Be a Supporter!

TimTim

Main News Favorites Reviews Stats 31 Fans
Follow Tim

Contact Info / Websites

Entry #6

Random Outages

2012-08-20 16:00:29 by Tim

Some of you may have noticed that there were some unplanned outages in the last few weeks. After quite a bit of troubleshooting the issue has been resolved. Before getting to the problem and the eventual solution, here is a little background information.

Newgrounds uses a single-master/multilple-slave database configuration wherein nearly all read queries are handled by the slaves leaving the master to handle only the write queries. In this setup, once the queries are written to the master database, they are then propagated down to the slaves. As long as the slaves are able to keep up with both the requests from the webservers and the updates from the master database, everything works very well. It is when they get behind that problems can arise.
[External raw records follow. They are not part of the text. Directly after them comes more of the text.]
(* Let $n\ge1$, $1\le k\le n$, and let $(I_2,I_1)$ be a $k\times k$ minor that is not reverse-admissible, with $\Gamma,\tilde\Gamma,\tilde I_1,\tilde I_2,\mathsf F$ as in the context. Then for every $\Gamma'\subset\{1,\dots,n\}\setminus(I_1\cup I_2)$ with $|\Gamma'|=|\tilde\Gamma|$, the PBW-degree of the minor $(\tilde I_2\cup\mathsf F\cup\Gamma',\ \tilde I_1\cup\mathsf F\cup\Gamma')$ is greater than or equal to the PBW-degree of $(I_2,I_1)$. In other words, each summand on the right hand side of the relation $X_{(I_2,I_1)}=\sum_{\Gamma'}(-1)^{|\Gamma'|}X_{(\tilde I_2\cup\mathsf F\cup\Gamma',\tilde I_1\cup\mathsf F\cup\Gamma')}$ has PBW-degree at least that of $X_{(I_2,I_1)}$.
   Context: A $k\times k$ minor is a pair $(I_2,I_1)$ of subsets of $\{1,\dots,n\}$ with $|I_1|+|I_2|=k$. Put $\Gamma=I_1\cap I_2=\{\gamma_1<\dots<\gamma_t\}$, $\tilde I_1=I_1\setminus\Gamma$, $\tilde I_2=I_2\setminus\Gamma$. The minor is reverse-admissible if there is $T=\{\tau_1<\dots<\tau_t\}\subset\{1,\dots,n\}\setminus(I_1\cup I_2)$ with $\tau_i\le\gamma_i$ for all $i$. For a non-reverse-admissible minor: let $1\le h_0\le t$ be minimal such that there is a subset $\mathsf T\subset\{1,\dots,n\}\setminus(I_1\cup I_2)$ of size $t-h_0$ which is componentwise $\le(\gamma_{h_0+1},\dots,\gamma_t)$ (elements listed increasingly); choose such $\mathsf T_{h_0+1}=\{\lambda_{h_0+1}<\dots<\lambda_t\}$ maximal for the componentwise partial order; let $b\in\{h_0+1,\dots,t\}$ be maximal with $(\lambda_{h_0+1},\dots,\lambda_b)$ componentwise $\le(\gamma_{h_0},\dots,\gamma_{b-1})$, or $b=h_0$ if no such $b$ exists. Set $\tilde\Gamma=\{\gamma_{h_0},\dots,\gamma_b\}$ and $\mathsf F=\Gamma\setminus\tilde\Gamma$. The PBW-degree of a $k\times k$ minor $(I_2,I_1)$ is $\deg(I_2,I_1)=|I_2|+\#\{i\in I_1: i>k\}$; equivalently, it is the number of entries $>k$ of the increasing sequence in $\mathcal N=\{1<\dots<n<\bar n<\dots<\bar1\}$ ($\bar i=2n+1-i$) formed by $I_1\cup\{\bar i:i\in I_2\}$. In the coordinate ring of the complete symplectic flag variety, $X_{(I_2,I_1)}$ denotes the corresponding Plücker coordinate (up to a fixed sign convention). *)

(* Subsets of {1,...,n} are encoded as {set 'I_n}, where the
   ordinal i stands for the integer i+1 (see [pos]). *)
From mathcomp Require Import all_boot.
Set Implicit Arguments. Unset Strict Implicit. Unset Printing Implicit Defensive.

Definition pos n (i : 'I_n) : nat := (val i).+1.

Definition sseq n (A : {set 'I_n}) : seq nat := sort leq [seq pos i | i <- enum A].

(* componentwise <= of two increasing lists (all2 also forces equal length) *)
Definition cle (s t : seq nat) : bool := all2 leq s t.

Definition Gam n (I2 I1 : {set 'I_n}) : {set 'I_n} := I1 :&: I2.
Definition compl12 n (I2 I1 : {set 'I_n}) : {set 'I_n} := ~: (I1 :|: I2).
Definition gseq n (I2 I1 : {set 'I_n}) : seq nat := sseq (Gam I2 I1).

Definition reverse_admissible n (I2 I1 : {set 'I_n}) : Prop :=
  exists T : {set 'I_n}, T \subset compl12 I2 I1 /\ cle (sseq T) (gseq I2 I1).

(* there is T in the complement, |T| = t-h, componentwise <= (gamma_{h+1},...,gamma_t) *)
Definition h_ok n (I2 I1 : {set 'I_n}) (h : nat) : Prop :=
  exists T : {set 'I_n}, T \subset compl12 I2 I1 /\ cle (sseq T) (drop h (gseq I2 I1)).

Definition is_h0 n (I2 I1 : {set 'I_n}) (h0 : nat) : Prop :=
  [/\ 1 <= h0 <= #|Gam I2 I1|, h_ok I2 I1 h0 &
      forall h, 1 <= h < h0 -> ~ h_ok I2 I1 h].

Definition is_Lam n (I2 I1 : {set 'I_n}) (h0 : nat) (Lam : {set 'I_n}) : Prop :=
  [/\ Lam \subset compl12 I2 I1, cle (sseq Lam) (drop h0 (gseq I2 I1)) &
      forall T : {set 'I_n}, T \subset compl12 I2 I1 ->
        cle (sseq T) (drop h0 (gseq I2 I1)) -> cle (sseq Lam) (sseq T) -> T = Lam].

(* b in {h0+1..t} with (lambda_{h0+1},..,lambda_b) <= (gamma_{h0},..,gamma_{b-1}) *)
Definition bcond n (I2 I1 : {set 'I_n}) (h0 : nat) (Lam : {set 'I_n}) (b : nat) : bool :=
  (h0 < b <= #|Gam I2 I1|) &&
  cle (take (b - h0) (sseq Lam)) (take (b - h0) (drop h0.-1 (gseq I2 I1))).

Definition is_b n (I2 I1 : {set 'I_n}) (h0 : nat) (Lam : {set 'I_n}) (b : nat) : Prop :=
  (bcond I2 I1 h0 Lam b /\ forall b', bcond I2 I1 h0 Lam b' -> b' <= b) \/
  (b = h0 /\ forall b', ~~ bcond I2 I1 h0 Lam b').

(* tilde Gamma = {gamma_{h0}, ..., gamma_b}: elements of Gamma of rank in [h0, b] *)
Definition tGam n (I2 I1 : {set 'I_n}) (h0 b : nat) : {set 'I_n} :=
  [set i in Gam I2 I1 | h0 <= (index (pos i) (gseq I2 I1)).+1 <= b].

Definition Fset n (I2 I1 : {set 'I_n}) (h0 b : nat) : {set 'I_n} :=
  Gam I2 I1 :\: tGam I2 I1 h0 b.

Definition pbw_deg n (k : nat) (I2 I1 : {set 'I_n}) : nat :=
  #|I2| + #|[set i in I1 | k < pos i]|.

(** Since (I2, I1) is not reverse-admissible and h0 is minimal, no subset of the
    complement C of I1 ∪ I2 fits componentwise under (γ_{h0}, ..., γ_t).  By the
    greedy (Hall-type) criterion some γ_j with j >= h0 then has at most j - h0
    elements of C below it.  Among 1..k at most |I1 ∪ I2| = k - t numbers lie
    outside C, so C has at least t elements <= k, whence γ_j < k.  The same
    count forbids b > j (the λ's lie in C), so all of Γ~ = {γ_{h0}, ..., γ_b} is
    smaller than k.  Exchanging Γ~ for Γ' keeps |I2| and only removes from I1
    elements <= k, so the PBW-degree cannot drop. *)

From mathcomp Require Import all_boot zify.
Set Implicit Arguments. Unset Strict Implicit. Unset Printing Implicit Defensive.

Lemma cleP (s t : seq nat) :
  reflect (size s = size t /\ forall r, r < size s -> nth 0 s r <= nth 0 t r)
          (cle s t).
Proof.
elim: s t => [|x s IHs] [|y t] /=; try by constructor=> // -[].
apply: (iffP andP) => [[le_xy /IHs [-> le_st]] | [[eq_st] le_st]].
  by split=> // -[|r] //= /le_st.
by split; [exact: (le_st 0) | apply/IHs; split=> // r /(le_st r.+1)].
Qed.

Lemma sorted_nth_leq_count (s : seq nat) r v : sorted leq s -> r < size s ->
  (nth 0 s r <= v) = (r < count (leq^~ v) s).
Proof.
elim: s r => [//|x s IHs] r /=; rewrite (path_sortedE leq_trans).
case/andP=> /allP x_le_s sorted_s lt_r_s.
have count_gt (lt_v_x : v < x) : count (leq^~ v) s = 0.
  rewrite -(count_pred0 s); apply: eq_in_count => y /x_le_s le_xy /=.
  by apply/negbTE; rewrite -ltnNge (leq_trans lt_v_x).
case: r lt_r_s => [|r] /= lt_r_s.
  by case: (leqP x v) => [//|/count_gt ->].
rewrite IHs //; case: (leqP x v) => [_|/count_gt ->]; first by rewrite add1n.
by rewrite ltn0.
Qed.

Section CardUpto.

Variable n : nat.
Implicit Types (A B : {set 'I_n}) (v w : nat).

Definition card_upto A v := #|[set i in A | pos i <= v]|.

Lemma size_sseq A : size (sseq A) = #|A|.
Proof. by rewrite /sseq size_sort size_map cardE. Qed.

Lemma sorted_sseq A : sorted leq (sseq A).
Proof. exact: (sort_sorted leq_total). Qed.

Lemma mem_sseq A i : (pos i \in sseq A) = (i \in A).
Proof.
rewrite /sseq mem_sort mem_map ?mem_enum //.
by move=> i1 i2 [/val_inj].
Qed.

Lemma uniq_sseq A : uniq (sseq A).
Proof.
rewrite /sseq sort_uniq map_inj_uniq ?enum_uniq //.
by move=> i1 i2 [/val_inj].
Qed.

Lemma card_upto_count A v : card_upto A v = count (leq^~ v) (sseq A).
Proof.
rewrite /card_upto /sseq count_sort count_map -size_filter.
rewrite -(card_uniqP (filter_uniq _ (enum_uniq (mem A)))).
by apply: eq_card => i; rewrite !inE mem_filter mem_enum andbC.
Qed.

Lemma nth_sseq_leq A r v : r < #|A| ->
  (nth 0 (sseq A) r <= v) = (r < card_upto A v).
Proof.
by rewrite card_upto_count -size_sseq; apply/sorted_nth_leq_count/sorted_sseq.
Qed.

Lemma card_upto0 A : card_upto A 0 = 0.
Proof. by apply: eq_card0 => i; rewrite !inE ltn0 andbF. Qed.

Lemma card_upto_full A : card_upto A n = #|A|.
Proof. by apply: eq_card => i; rewrite !inE ltn_ord andbT. Qed.

Lemma card_uptoS A v : card_upto A v.+1 <= (card_upto A v).+1.
Proof.
have count_leqS (s : seq nat) :
    count (leq^~ v.+1) s = count (leq^~ v) s + count_mem v.+1 s.
  by elim: s => //= x s ->; case: ltngtP; lia.
rewrite !card_upto_count count_leqS count_uniq_mem ?uniq_sseq //.
by case: (_ \in _); rewrite ?addn1 ?addn0.
Qed.

Lemma card_upto_mono A B v w :
  A \subset B -> v <= w -> card_upto A v <= card_upto B w.
Proof.
move=> /subsetP sAB le_vw; apply/subset_leq_card/subsetP => i.
by rewrite !inE => /andP [/sAB -> le_iv]; rewrite (leq_trans le_iv).
Qed.

Lemma card_upto_surj A v m : m <= card_upto A v -> exists w, card_upto A w = m.
Proof.
elim: v => [|v IHv] le_m.
  by exists 0; move: le_m; rewrite card_upto0 leqn0 => /eqP ->.
have [/IHv //|lt_m] := leqP m (card_upto A v).
exists v.+1; apply/eqP; rewrite eqn_leq le_m andbT.
exact: leq_trans (card_uptoS A v) lt_m.
Qed.

Lemma card_upto_restrict A v w :
  card_upto [set i in A | pos i <= w] v = card_upto A (minn v w).
Proof. by apply: eq_card => i; rewrite !inE leq_min andbAC -andbA. Qed.

(* The witness is the set of the [size g] smallest elements of C. *)
Lemma exists_subset_cle (C : {set 'I_n}) (g : seq nat) :
  size g <= #|C| -> (forall r, r < size g -> r < card_upto C (nth 0 g r)) ->
  exists2 T : {set 'I_n}, T \subset C & cle (sseq T) g.
Proof.
rewrite -card_upto_full => /card_upto_surj [w card_w] g_rich.
exists [set i in C | pos i <= w]; first by apply/subsetP => i; rewrite inE => /andP [].
apply/cleP; rewrite size_sseq; split=> [//|r lt_r_g].
rewrite nth_sseq_leq ?card_upto_restrict //.
have lt_r_size : r < size g by rewrite -card_w.
by case: (leqP (nth 0 g r) w) => _; [exact: g_rich | rewrite card_w].
Qed.

End CardUpto.

Lemma card_Gam_le_card_upto_compl n k (I2 I1 : {set 'I_n}) :
  k <= n -> #|I1| + #|I2| = k -> #|Gam I2 I1| <= card_upto (compl12 I2 I1) k.
Proof.
move=> le_k_n card_minor; set K : {set 'I_n} := [set i | pos i <= k].
have card_K : k <= #|K|.
  have widen_inj : injective (widen_ord le_k_n) by move=> i j [/val_inj].
  rewrite -[k in k <= _]card_ord -(card_imset _ widen_inj).
  by apply/subset_leq_card/subsetP => _ /imsetP [i _ ->]; rewrite inE /pos /=.
have -> : card_upto (compl12 I2 I1) k = #|K :\: (I1 :|: I2)|.
  by apply: eq_card => i; rewrite !inE andbC.
have := cardsUI I1 I2; have := cardsID (I1 :|: I2) K.
have := subset_leq_card (subsetIr K (I1 :|: I2)); rewrite /Gam; lia.
Qed.

Lemma setDU_nested (T : finType) (A B X : {set T}) :
  X \subset B -> B \subset A -> A :\: B :|: (B :\: X) = A :\: X.
Proof.
move=> /subsetP sXB /subsetP sBA; apply/setP => i; rewrite !inE.
have [iB | iNB] := boolP (i \in B); first by rewrite (sBA i iB).
by rewrite (contraNN (sXB i) iNB) andbF orbF.
Qed.

Lemma pbw_deg_exchange n k (I2 I1 X Y : {set 'I_n}) :
  X \subset I2 -> [disjoint Y & I2] -> #|Y| = #|X| ->
  {in X, forall i, pos i <= k} ->
  pbw_deg k I2 I1 <= pbw_deg k (I2 :\: X :|: Y) (I1 :\: X :|: Y).
Proof.
move=> sXI2 disjYI2 card_Y X_le_k; apply: leq_add.
  rewrite cardsU; have -> : (I2 :\: X) :&: Y = set0.
    by rewrite setIC setDE setIA (disjoint_setI0 disjYI2) set0I.
  by rewrite cards0 subn0 cardsDS // card_Y subnK ?subset_leq_card.
apply/subset_leq_card/subsetP => i; rewrite !inE => /andP [iI1 lt_k_i].
rewrite iI1 lt_k_i !andbT; apply/orP; left.
by apply/negP => iX; have /= := X_le_k i iX; rewrite leqNgt lt_k_i.
Qed.

Section NonReverseAdmissible.

Variables (n k : nat) (I2 I1 : {set 'I_n}) (h0 : nat) (Lam : {set 'I_n}) (b : nat).
Hypotheses (not_ra : ~ reverse_admissible I2 I1) (h0P : is_h0 I2 I1 h0).

Local Notation G := (Gam I2 I1).
Local Notation C := (compl12 I2 I1).
Local Notation gam := (gseq I2 I1).

(* Indices are 0-based: [nth 0 gam j] is γ_{j+1} and [h0.-1] is the
   index of γ_{h0}. *)

Let size_gam : size gam = #|G|. Proof. exact: size_sseq. Qed.

Lemma tGam_le_nth_gam j i : b <= j.+1 -> j < #|G| ->
  i \in tGam I2 I1 h0 b -> pos i <= nth 0 gam j.
Proof.
move=> le_b_j lt_j_G; rewrite inE => /andP [iG /andP [_ le_idx_b]].
have gam_i : pos i \in gam by rewrite mem_sseq.
rewrite -(nth_index 0 gam_i).
apply: (sorted_leq_nth leq_trans leqnn _ (sorted_sseq _));
  rewrite ?inE ?index_mem ?size_gam //.
exact: leq_trans le_idx_b le_b_j.
Qed.

Lemma not_cle_drop_pred_h0 (T : {set 'I_n}) :
  T \subset C -> ~~ cle (sseq T) (drop h0.-1 gam).
Proof.
case: h0P => /andP [ge1_h0 _] _ h0_min sTC; apply/negP => cle_T.
have [le1_h0 | lt1_h0] := leqP h0 1.
  by apply: not_ra; exists T; rewrite -(drop0 gam) -(_ : h0.-1 = 0) //; lia.
by apply: (h0_min h0.-1); [lia | exists T].
Qed.

Lemma b_le_deficient j : h0.-1 <= j -> card_upto C (nth 0 gam j) <= j - h0.-1 ->
  Lam \subset C -> is_b I2 I1 h0 Lam b -> b <= j.+1.
Proof.
case: h0P => /andP [ge1_h0 _] _ _ le_h0_j deficient sLamC bP.
have bcond_le b' : bcond I2 I1 h0 Lam b' -> b' <= j.+1.
  case/andP => /andP [lt_h0_b' le_b'_t] /cleP [size_eq le_nth].
  rewrite leqNgt; apply/negP => lt_j_b'; set r := j - h0.-1.
  have lt_r_b' : r < b' - h0 by rewrite /r; lia.
  rewrite [size (take _ (drop _ _))]size_takel ?size_drop ?size_gam in size_eq; last lia.
  have lt_r_take : r < size (take (b' - h0) (sseq Lam)) by rewrite size_eq.
  have lt_r_Lam : r < #|Lam|.
    by rewrite -size_sseq (leq_trans lt_r_take) // size_take_min geq_minr.
  have lam_le_gam : nth 0 (sseq Lam) r <= nth 0 gam j.
    by have := le_nth r lt_r_take; rewrite !nth_take // nth_drop subnKC.
  rewrite nth_sseq_leq // in lam_le_gam.
  by have := card_upto_mono sLamC (leqnn (nth 0 gam j)); lia.
case: bP => [[/bcond_le //] | [-> _]]; lia.
Qed.

Hypotheses (le_k_n : k <= n) (card_minor : #|I1| + #|I2| = k).

Let card_Gam_le : #|G| <= card_upto C k.
Proof. exact: card_Gam_le_card_upto_compl. Qed.

Lemma lt_k_of_card_upto_lt v : card_upto C v < #|G| -> v < k.
Proof.
move=> lt_v_G; rewrite ltnNge; apply: contraTN lt_v_G => le_k_v.
by rewrite -leqNgt (leq_trans card_Gam_le) ?card_upto_mono.
Qed.

Lemma exists_deficient_gamma :
  exists2 j, h0.-1 <= j < #|G| & card_upto C (nth 0 gam j) <= j - h0.-1.
Proof.
set g := drop h0.-1 gam.
have size_g : size g <= #|C|.
  rewrite size_drop size_gam (leq_trans (leq_subr _ _)) //.
  by rewrite (leq_trans card_Gam_le) // -card_upto_full card_upto_mono.
have : ~~ all (fun r => r < card_upto C (nth 0 g r)) (iota 0 (size g)).
  apply/negP => /allP g_rich.
  have [r lt_r|T sTC] := exists_subset_cle size_g.
    by apply: g_rich; rewrite mem_iota.
  exact/negP/not_cle_drop_pred_h0.
case/allPn => r; rewrite mem_iota size_drop size_gam -leqNgt nth_drop.
move=> /andP [_ lt_r] deficient.
exists (h0.-1 + r); first by rewrite leq_addr -ltn_subRL.
by rewrite addKn.
Qed.

End NonReverseAdmissible.

Theorem lemma4p20 (n k : nat) (I2 I1 : {set 'I_n}) (h0 : nat) (Lam : {set 'I_n}) (b : nat) :
  1 <= n -> 1 <= k <= n -> #|I1| + #|I2| = k ->
  ~ reverse_admissible I2 I1 ->
  is_h0 I2 I1 h0 -> is_Lam I2 I1 h0 Lam -> is_b I2 I1 h0 Lam b ->
  forall Gam' : {set 'I_n},
    Gam' \subset compl12 I2 I1 -> #|Gam'| = #|tGam I2 I1 h0 b| ->
    pbw_deg k I2 I1 <=
    pbw_deg k ((I2 :\: Gam I2 I1) :|: Fset I2 I1 h0 b :|: Gam')
              ((I1 :\: Gam I2 I1) :|: Fset I2 I1 h0 b :|: Gam').
Proof.
move=> _ /andP [_ le_k_n] card_minor not_ra h0P [sLamC _ _] bP Gam' sGam'C card_Gam'.
have [j /andP [le_h0_j lt_j_G] deficient] :=
  exists_deficient_gamma not_ra h0P le_k_n card_minor.
have le_b_j := b_le_deficient h0P le_h0_j deficient sLamC bP.
have gam_j_lt_k : nth 0 (gseq I2 I1) j < k.
  apply: (lt_k_of_card_upto_lt le_k_n card_minor).
  exact: leq_ltn_trans (leq_trans deficient (leq_subr _ _)) lt_j_G.
have sTG : tGam I2 I1 h0 b \subset Gam I2 I1.
  by apply/subsetP => i; rewrite inE => /andP [].
rewrite /Fset (setDU_nested sTG (subsetIr I1 I2)) (setDU_nested sTG (subsetIl I1 I2)).
apply: pbw_deg_exchange => //.
- exact: subset_trans sTG (subsetIr I1 I2).
- rewrite -(setCK I2) -subsets_disjoint (subset_trans sGam'C) //.
  by rewrite /compl12 setCS subsetUr.
- move=> i /(tGam_le_nth_gam le_b_j lt_j_G) le_i_j.
  exact/ltnW/(leq_ltn_trans le_i_j).
Qed.
Lemma Derive_shift (f : R -> R) c x :
  ex_derive f (x + c) -> Derive (fun s => f (s + c)) x = Derive f (x + c).
Proof.
intros Hf.
rewrite (Derive_comp f (fun s => s + c)) by (auto; auto_derive; auto).
replace (Derive (fun s => s + c) x) with 1; [ring|].
symmetry; apply is_derive_unique; auto_derive; auto; ring.
Qed.

Lemma d1_rot_shift (h : R -> pt) c b :
  (forall s, ex_derive (fun s => fst (h s)) s) ->
  (forall s, ex_derive (fun s => snd (h s)) s) ->
  (forall s, h (s + c) = rot b (h s)) ->
  forall x, Defs.d1 h (x + c) = rot b (Defs.d1 h x).
Proof.
intros Hu Hv Hh x; unfold Defs.d1, rot; simpl.
rewrite <- !Derive_shift by auto.
rewrite (Derive_ext (fun s => fst (h (s + c)))
                    (fun s => cos b * fst (h s) + - sin b * snd (h s)))
  by (intros s; rewrite Hh; unfold rot; simpl; ring).
rewrite (Derive_ext (fun s => snd (h (s + c)))
                    (fun s => sin b * fst (h s) + cos b * snd (h s)))
  by (intros s; rewrite Hh; unfold rot; simpl; ring).
rewrite !Derive_plus, !Derive_scal by (apply ex_derive_scal; auto).
f_equal; ring.
Qed.

(* Since d2 g = d1 (d1 g), the symmetry passes to both derivatives. *)
Lemma curv_rot_shift g c b :
  C2 (fun s => fst (g s)) -> C2 (fun s => snd (g s)) ->
  (forall s, g (s + c) = rot b (g s)) ->
  forall x, curv g (x + c) = curv g x.
Proof.
intros [Hu1 [Hu2 _]] [Hv1 [Hv2 _]] Hg x.
assert (Hd1 := d1_rot_shift g c b Hu1 Hv1 Hg).
assert (Hd2 := d1_rot_shift (Defs.d1 g) c b Hu2 Hv2 Hd1 x).
change (Defs.d1 (Defs.d1 g) x) with (Defs.d2 g x) in Hd2.
change (Defs.d1 (Defs.d1 g) (x + c)) with (Defs.d2 g (x + c)) in Hd2.
unfold curv; rewrite Hd1, Hd2, det2_rot, pnorm_rot; reflexivity.
Qed.

Section Lift.

Variables (g : R -> pt) (Zs : Z -> pt) (X : Z -> R).
Hypothesis g_inj : forall x y, g x = g y -> exists k : Z, y = x + IZR k.
Hypothesis X_step : forall i, 0 < X (i + 1)%Z - X i < 1.
Hypothesis X_lift : forall i, g (X i) = Zs i.

Lemma lift_translate a k :
  (forall i, g (X i + a) = Zs (i + k)%Z) ->
  forall i, X (i + k)%Z = X i + (X k - X 0%Z).
Proof.
intros Hk i.
pose proof (integer_gap_const X (fun i => X (i + k)%Z - a) X_step) as Hgap.
cbv beta in Hgap; rewrite Z.add_0_l in Hgap.
enough (X (i + k)%Z - a = X i + (X k - a - X 0%Z)) by lra.
apply Hgap.
- intros j; replace (j + 1 + k)%Z with (j + k + 1)%Z by ring.
  specialize (X_step (j + k)%Z); lra.
- intros j; destruct (g_inj (X j + a) (X (j + k)%Z)) as [z Hz].
  { rewrite Hk, X_lift; reflexivity. }
  exists z; lra.
Qed.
A few weeks ago, we began to see the database slaves getting substantially behind the master. This would be noticeable on the site in situations such as posting to a forum then being unable to see the post when the page was refreshed. In this example, upon submitting the post it would be written to the master database, but when the view page requested data from the slave, that post had not yet been propagated to the slave. The resulting page would be based on data that was up to several hours old.

This problem came out of nowhere and was rather unsettling. There was nothing popping up in the logs nor any substantial increase in system load. We began to look into optimizing scripts, updating the database software and even considered upgrading some of the hardware as nothing seemed to have any effect. Then came the outage on 8/8/12. This was rather significant as the site failed completely as opposed to merely running on old data. When I was putting everything back together, the slaves had to be completely cleared of data in preparation for a full import. It was then that I noticed the mysql process using up a large amount of system resources all while not actually hosting a database. This was clearly not a problem with the master/slave relationship, but rather a problem with mysql in general, or so I thought.

Upon further digging, it turns out that we had been hit by the leap-second bug. The problem was actually with the kernel and had nothing to do with mysql. While this had caused some major outages across the net on July 1st, it didn't seem to affect us immediately, instead occurring seemingly at random over the next several weeks. The quick fix is comically simple (date -s "`date`"), basically just setting the date to the current system date or to put it another way, poking the system clock with a stick. The permanent fix is to update the kernel which will be taken care of over the coming weeks. The effect was immediate and has completely solved the problem.

Anyway, back at it...


Comments

You must be logged in to comment on this post.


supergandhi64supergandhi64

2013-11-26 09:55:36

IF U WERE KILLED TOMORROW, I WOULDNT GO 2 UR FUNERAL CUZ ID B N JAIL 4 KILLIN DA PERSON THAT KILLED U!
......__________________
...../_==o;;;;;;;;______[]
.....), ---.(_(__) /
....// (..) ), ----"
...//___//
..//___//
WE TRUE HOMIES
WE RIDE TOGETHER
WE DIE TOGETHER

send this GUN to everyone you care about including me if you care. C how many times you get this, if you get a 13 your A TRUE HOMIE


mandogmandog

2013-06-02 15:59:20

On other news I found the shuttle from drexelshaft http://web.archive.org/web/20020605055850/http ://www.drexelshaft.com/shuttle.html


CyberdevilCyberdevil

2013-02-07 08:22:30

Not that I understand exactly how the problem was solved or exactly what it was, but it's good to hear that things will be back to normal again!


VicariousEVicariousE

2012-11-20 04:39:49

I had a boat and roof outage due to hurricane sandy. Customer support was many miles away.


daethdraindaethdrain

2012-11-02 19:21:45

I had a power outage due to hurricane sandy


LuwanoLuwano

2012-08-21 21:39:11

Wow, you explained that so well that even I understood it. You are a good story teller by the way and should post more interesting stories if you find some time between the more important stuff you do for NG, of course. I always wondered if AOL ever got back to you again. lol


VicariousEVicariousE

2012-08-21 04:18:16

Good after action report. Most of the remaining issues seem to be software: missing pages and links, search fields and maturity rating filters on all result pages.... I had a list, but it seems the initial birthing pains are finally behind us - good show!


JonasJonas

2012-08-20 19:15:37

Tim, there's very few problems that can't be resolved with proper application of stick.


VidGameDudeVidGameDude

2012-08-20 17:30:32

Newgrounds runs on an s/m program?
oh you guys and your subliminal coding systems.
But on serious note, it's great the problem was resolved, thanks for the quick and diligent fix.


SteranceSterance

2012-08-20 17:21:26

well played tim. sometimes its as simple as a missing semicolon at the end of your structure... or something like that


LokiLoki

2012-08-20 17:01:50

Tim is the best chef / server engineer ever.


MiaMia

2012-08-20 16:40:13

Interesting. I noticed unpublishing projects is now here!